### TASK INPUT
+---+

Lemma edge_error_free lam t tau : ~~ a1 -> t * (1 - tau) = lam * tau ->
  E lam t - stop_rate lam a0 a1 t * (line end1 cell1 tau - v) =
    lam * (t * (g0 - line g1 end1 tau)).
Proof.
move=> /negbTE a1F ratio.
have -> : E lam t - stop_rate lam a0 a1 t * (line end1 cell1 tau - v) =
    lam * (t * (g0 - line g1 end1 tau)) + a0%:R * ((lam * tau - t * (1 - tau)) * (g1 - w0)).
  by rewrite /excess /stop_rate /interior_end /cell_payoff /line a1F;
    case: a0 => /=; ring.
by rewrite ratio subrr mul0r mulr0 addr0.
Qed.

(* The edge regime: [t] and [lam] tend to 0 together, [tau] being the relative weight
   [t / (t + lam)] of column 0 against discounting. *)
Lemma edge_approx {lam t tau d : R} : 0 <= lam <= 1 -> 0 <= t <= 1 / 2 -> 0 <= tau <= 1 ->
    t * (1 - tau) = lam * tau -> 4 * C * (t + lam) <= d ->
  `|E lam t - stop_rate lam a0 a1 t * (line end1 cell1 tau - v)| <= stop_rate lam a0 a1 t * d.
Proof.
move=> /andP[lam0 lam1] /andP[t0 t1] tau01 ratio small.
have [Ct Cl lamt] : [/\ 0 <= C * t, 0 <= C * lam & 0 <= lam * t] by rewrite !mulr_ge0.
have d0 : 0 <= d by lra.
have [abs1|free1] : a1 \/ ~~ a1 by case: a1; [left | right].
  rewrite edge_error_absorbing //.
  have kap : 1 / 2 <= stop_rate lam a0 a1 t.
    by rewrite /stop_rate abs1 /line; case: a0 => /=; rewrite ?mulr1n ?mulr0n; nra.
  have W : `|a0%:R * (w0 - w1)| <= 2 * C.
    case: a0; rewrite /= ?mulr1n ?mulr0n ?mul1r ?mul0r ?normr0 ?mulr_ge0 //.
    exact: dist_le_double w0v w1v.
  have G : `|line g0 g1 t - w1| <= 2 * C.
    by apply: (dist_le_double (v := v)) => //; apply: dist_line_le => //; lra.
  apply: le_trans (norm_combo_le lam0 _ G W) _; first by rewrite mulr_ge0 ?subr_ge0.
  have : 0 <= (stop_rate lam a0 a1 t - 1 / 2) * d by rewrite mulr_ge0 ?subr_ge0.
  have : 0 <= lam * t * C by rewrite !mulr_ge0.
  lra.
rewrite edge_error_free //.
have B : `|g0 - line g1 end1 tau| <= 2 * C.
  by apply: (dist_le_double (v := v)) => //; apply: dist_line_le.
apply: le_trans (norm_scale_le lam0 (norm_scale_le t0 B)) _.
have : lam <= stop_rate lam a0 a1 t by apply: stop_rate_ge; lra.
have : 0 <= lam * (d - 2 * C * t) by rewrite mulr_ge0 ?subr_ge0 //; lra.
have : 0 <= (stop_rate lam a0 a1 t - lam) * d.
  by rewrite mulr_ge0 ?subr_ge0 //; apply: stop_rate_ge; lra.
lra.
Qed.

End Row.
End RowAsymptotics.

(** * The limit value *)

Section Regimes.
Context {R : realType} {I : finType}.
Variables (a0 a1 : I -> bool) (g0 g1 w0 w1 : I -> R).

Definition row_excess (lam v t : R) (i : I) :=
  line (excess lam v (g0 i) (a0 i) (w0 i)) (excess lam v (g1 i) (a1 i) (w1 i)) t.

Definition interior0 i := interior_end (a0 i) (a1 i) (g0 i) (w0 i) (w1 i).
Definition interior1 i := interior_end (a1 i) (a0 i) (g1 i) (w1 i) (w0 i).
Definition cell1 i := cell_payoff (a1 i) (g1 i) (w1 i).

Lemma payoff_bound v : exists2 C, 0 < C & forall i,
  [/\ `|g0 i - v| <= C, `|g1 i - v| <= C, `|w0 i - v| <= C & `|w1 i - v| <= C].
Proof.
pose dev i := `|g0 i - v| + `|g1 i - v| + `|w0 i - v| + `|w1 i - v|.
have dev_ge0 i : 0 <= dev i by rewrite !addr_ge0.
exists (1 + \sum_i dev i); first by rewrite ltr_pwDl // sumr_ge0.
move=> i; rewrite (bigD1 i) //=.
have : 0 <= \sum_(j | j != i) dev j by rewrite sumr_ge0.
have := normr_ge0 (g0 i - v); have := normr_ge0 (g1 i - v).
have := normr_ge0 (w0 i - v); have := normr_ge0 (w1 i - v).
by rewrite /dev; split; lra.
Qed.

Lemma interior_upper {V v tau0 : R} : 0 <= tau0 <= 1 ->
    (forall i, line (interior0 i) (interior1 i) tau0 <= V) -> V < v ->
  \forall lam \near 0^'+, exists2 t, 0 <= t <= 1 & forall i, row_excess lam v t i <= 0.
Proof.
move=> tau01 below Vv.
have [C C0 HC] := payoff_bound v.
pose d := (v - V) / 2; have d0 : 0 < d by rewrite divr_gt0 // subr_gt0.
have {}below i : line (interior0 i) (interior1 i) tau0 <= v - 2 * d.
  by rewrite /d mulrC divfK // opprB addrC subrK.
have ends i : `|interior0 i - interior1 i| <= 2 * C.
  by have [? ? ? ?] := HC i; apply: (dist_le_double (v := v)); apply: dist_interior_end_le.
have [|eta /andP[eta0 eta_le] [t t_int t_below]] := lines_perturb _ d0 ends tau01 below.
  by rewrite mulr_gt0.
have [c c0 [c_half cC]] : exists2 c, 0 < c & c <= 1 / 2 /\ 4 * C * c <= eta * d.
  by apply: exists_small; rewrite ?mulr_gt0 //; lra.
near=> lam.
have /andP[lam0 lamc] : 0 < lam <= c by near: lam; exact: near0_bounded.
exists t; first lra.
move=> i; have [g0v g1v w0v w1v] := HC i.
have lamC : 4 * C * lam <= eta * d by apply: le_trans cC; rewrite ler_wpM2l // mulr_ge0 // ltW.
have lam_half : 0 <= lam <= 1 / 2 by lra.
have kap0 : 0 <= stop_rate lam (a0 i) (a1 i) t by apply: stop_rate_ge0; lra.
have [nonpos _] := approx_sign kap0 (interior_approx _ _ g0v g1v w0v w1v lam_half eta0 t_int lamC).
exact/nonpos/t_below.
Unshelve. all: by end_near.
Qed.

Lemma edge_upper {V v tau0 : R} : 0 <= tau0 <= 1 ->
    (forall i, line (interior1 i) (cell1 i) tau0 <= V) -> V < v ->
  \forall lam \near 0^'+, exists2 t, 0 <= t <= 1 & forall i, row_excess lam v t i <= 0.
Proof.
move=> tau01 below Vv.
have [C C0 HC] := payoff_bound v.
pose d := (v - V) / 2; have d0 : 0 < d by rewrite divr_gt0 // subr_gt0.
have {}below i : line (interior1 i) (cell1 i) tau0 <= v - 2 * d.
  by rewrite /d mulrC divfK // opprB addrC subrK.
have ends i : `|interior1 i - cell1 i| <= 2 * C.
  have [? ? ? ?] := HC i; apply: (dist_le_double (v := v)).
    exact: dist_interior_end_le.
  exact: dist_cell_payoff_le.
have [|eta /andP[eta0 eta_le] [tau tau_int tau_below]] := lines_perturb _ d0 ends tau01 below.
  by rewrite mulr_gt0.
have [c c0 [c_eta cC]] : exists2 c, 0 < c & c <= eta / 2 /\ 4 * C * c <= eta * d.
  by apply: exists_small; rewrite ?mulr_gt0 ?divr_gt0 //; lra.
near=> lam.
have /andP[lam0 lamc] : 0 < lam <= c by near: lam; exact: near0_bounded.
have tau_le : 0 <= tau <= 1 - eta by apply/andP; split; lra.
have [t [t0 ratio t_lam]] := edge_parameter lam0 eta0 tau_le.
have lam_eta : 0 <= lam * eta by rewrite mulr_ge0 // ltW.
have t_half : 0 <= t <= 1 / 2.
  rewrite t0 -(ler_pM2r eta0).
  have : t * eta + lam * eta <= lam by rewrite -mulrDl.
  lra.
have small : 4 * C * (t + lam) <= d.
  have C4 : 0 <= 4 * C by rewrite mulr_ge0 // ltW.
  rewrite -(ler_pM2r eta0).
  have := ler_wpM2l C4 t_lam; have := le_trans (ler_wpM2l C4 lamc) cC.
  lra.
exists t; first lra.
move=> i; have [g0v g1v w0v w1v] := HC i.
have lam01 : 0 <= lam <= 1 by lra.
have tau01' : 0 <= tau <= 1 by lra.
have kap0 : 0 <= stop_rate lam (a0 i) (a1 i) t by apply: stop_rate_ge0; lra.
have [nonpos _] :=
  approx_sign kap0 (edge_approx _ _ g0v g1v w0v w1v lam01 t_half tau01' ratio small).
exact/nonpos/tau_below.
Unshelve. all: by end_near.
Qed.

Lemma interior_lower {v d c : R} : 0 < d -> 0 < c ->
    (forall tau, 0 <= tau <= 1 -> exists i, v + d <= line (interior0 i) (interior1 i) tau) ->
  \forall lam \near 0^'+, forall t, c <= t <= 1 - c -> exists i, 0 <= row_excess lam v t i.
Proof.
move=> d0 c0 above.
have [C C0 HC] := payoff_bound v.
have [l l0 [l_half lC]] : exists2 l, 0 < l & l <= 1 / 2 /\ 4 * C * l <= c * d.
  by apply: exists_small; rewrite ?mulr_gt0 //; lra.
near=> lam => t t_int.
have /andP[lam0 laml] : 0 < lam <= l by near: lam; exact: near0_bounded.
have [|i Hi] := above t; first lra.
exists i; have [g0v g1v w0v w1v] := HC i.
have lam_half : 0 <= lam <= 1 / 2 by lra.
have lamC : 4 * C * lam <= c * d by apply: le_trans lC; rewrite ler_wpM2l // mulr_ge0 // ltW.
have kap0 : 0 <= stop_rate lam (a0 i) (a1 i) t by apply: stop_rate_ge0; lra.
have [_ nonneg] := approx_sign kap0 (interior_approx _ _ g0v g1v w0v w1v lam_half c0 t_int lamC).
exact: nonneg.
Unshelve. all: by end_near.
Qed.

+---+

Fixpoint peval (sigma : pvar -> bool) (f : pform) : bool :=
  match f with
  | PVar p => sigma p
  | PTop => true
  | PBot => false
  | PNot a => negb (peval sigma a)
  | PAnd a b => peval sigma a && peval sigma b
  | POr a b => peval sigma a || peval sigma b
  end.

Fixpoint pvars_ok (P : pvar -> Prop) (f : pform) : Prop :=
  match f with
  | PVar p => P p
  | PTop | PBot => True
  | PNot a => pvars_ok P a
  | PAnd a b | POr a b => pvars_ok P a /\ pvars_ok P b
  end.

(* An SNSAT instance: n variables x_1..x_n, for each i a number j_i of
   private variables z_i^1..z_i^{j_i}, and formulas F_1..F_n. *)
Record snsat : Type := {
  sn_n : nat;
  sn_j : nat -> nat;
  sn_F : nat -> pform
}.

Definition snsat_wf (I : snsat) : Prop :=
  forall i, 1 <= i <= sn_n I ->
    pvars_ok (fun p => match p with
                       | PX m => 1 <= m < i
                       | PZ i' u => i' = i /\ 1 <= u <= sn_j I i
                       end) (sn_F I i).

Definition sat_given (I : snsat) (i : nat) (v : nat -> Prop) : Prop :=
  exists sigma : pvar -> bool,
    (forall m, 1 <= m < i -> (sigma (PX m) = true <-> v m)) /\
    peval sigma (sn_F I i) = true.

+---+

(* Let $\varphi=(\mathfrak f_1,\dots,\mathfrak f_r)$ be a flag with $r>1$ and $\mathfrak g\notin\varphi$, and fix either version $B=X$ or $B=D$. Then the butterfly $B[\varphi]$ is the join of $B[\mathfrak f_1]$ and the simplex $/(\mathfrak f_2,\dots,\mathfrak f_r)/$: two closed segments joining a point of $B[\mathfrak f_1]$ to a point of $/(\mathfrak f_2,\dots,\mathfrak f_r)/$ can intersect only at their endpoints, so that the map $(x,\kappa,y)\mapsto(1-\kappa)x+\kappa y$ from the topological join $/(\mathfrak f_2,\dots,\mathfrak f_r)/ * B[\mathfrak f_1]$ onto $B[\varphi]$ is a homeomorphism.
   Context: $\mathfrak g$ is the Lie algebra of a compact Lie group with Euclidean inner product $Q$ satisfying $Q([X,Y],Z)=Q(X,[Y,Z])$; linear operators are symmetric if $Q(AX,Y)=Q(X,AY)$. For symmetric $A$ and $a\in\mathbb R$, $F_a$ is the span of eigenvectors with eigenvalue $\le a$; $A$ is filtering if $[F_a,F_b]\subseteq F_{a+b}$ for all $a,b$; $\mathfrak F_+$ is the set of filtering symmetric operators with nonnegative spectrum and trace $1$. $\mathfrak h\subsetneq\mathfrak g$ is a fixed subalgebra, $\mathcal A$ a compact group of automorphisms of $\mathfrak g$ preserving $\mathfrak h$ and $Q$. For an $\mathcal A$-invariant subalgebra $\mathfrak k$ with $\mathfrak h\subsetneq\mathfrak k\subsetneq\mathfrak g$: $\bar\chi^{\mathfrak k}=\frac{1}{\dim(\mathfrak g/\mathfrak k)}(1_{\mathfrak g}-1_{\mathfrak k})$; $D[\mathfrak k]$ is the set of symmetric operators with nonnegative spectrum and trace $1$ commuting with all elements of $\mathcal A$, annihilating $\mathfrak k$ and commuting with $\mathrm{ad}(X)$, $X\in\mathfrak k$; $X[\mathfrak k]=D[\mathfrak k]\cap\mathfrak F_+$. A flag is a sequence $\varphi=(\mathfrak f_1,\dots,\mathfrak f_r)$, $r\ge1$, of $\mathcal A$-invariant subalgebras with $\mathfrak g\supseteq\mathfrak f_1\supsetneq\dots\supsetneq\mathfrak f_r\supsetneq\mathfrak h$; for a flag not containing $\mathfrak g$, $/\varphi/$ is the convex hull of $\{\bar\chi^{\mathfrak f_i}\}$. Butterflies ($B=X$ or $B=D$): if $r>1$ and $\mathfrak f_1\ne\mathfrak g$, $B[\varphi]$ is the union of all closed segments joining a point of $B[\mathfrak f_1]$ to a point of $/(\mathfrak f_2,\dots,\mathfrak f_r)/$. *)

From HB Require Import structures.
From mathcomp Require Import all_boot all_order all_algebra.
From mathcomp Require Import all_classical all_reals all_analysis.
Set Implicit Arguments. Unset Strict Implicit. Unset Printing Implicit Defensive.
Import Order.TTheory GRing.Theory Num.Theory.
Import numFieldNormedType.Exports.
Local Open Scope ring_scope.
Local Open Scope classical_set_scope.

+---+

### YOUR TASK
Produce a word-for-word copy of everything above from the line holding "Lemma edge_error_free lam" down to the line holding "apply: le_trans (norm_combo_le", with both of those lines kept.

### WRITTEN RESPONSE
Lemma edge_error_free lam t tau : ~~ a1 -> t * (1 - tau) = lam * tau ->
  E lam t - stop_rate lam a0 a1 t * (line end1 cell1 tau - v) =
    lam * (t * (g0 - line g1 end1 tau)).
Proof.
move=> /negbTE a1F ratio.
have -> : E lam t - stop_rate lam a0 a1 t * (line end1 cell1 tau - v) =
    lam * (t * (g0 - line g1 end1 tau)) + a0%:R * ((lam * tau - t * (1 - tau)) * (g1 - w0)).
  by rewrite /excess /stop_rate /interior_end /cell_payoff /line a1F;
    case: a0 => /=; ring.
by rewrite ratio subrr mul0r mulr0 addr0.
Qed.

(* The edge regime: [t] and [lam] tend to 0 together, [tau] being the relative weight
   [t / (t + lam)] of column 0 against discounting. *)
Lemma edge_approx {lam t tau d : R} : 0 <= lam <= 1 -> 0 <= t <= 1 / 2 -> 0 <= tau <= 1 ->
    t * (1 - tau) = lam * tau -> 4 * C * (t + lam) <= d ->
  `|E lam t - stop_rate lam a0 a1 t * (line end1 cell1 tau - v)| <= stop_rate lam a0 a1 t * d.
Proof.
move=> /andP[lam0 lam1] /andP[t0 t1] tau01 ratio small.
have [Ct Cl lamt] : [/\ 0 <= C * t, 0 <= C * lam & 0 <= lam * t] by rewrite !mulr_ge0.
have d0 : 0 <= d by lra.
have [abs1|free1] : a1 \/ ~~ a1 by case: a1; [left | right].
  rewrite edge_error_absorbing //.
  have kap : 1 / 2 <= stop_rate lam a0 a1 t.
    by rewrite /stop_rate abs1 /line; case: a0 => /=; rewrite ?mulr1n ?mulr0n; nra.
  have W : `|a0%:R * (w0 - w1)| <= 2 * C.
    case: a0; rewrite /= ?mulr1n ?mulr0n ?mul1r ?mul0r ?normr0 ?mulr_ge0 //.
    exact: dist_le_double w0v w1v.
  have G : `|line g0 g1 t - w1| <= 2 * C.
    by apply: (dist_le_double (v := v)) => //; apply: dist_line_le => //; lra.
  apply: le_trans (norm_combo_le lam0 _ G W) _; first by rewrite mulr_ge0 ?subr_ge0.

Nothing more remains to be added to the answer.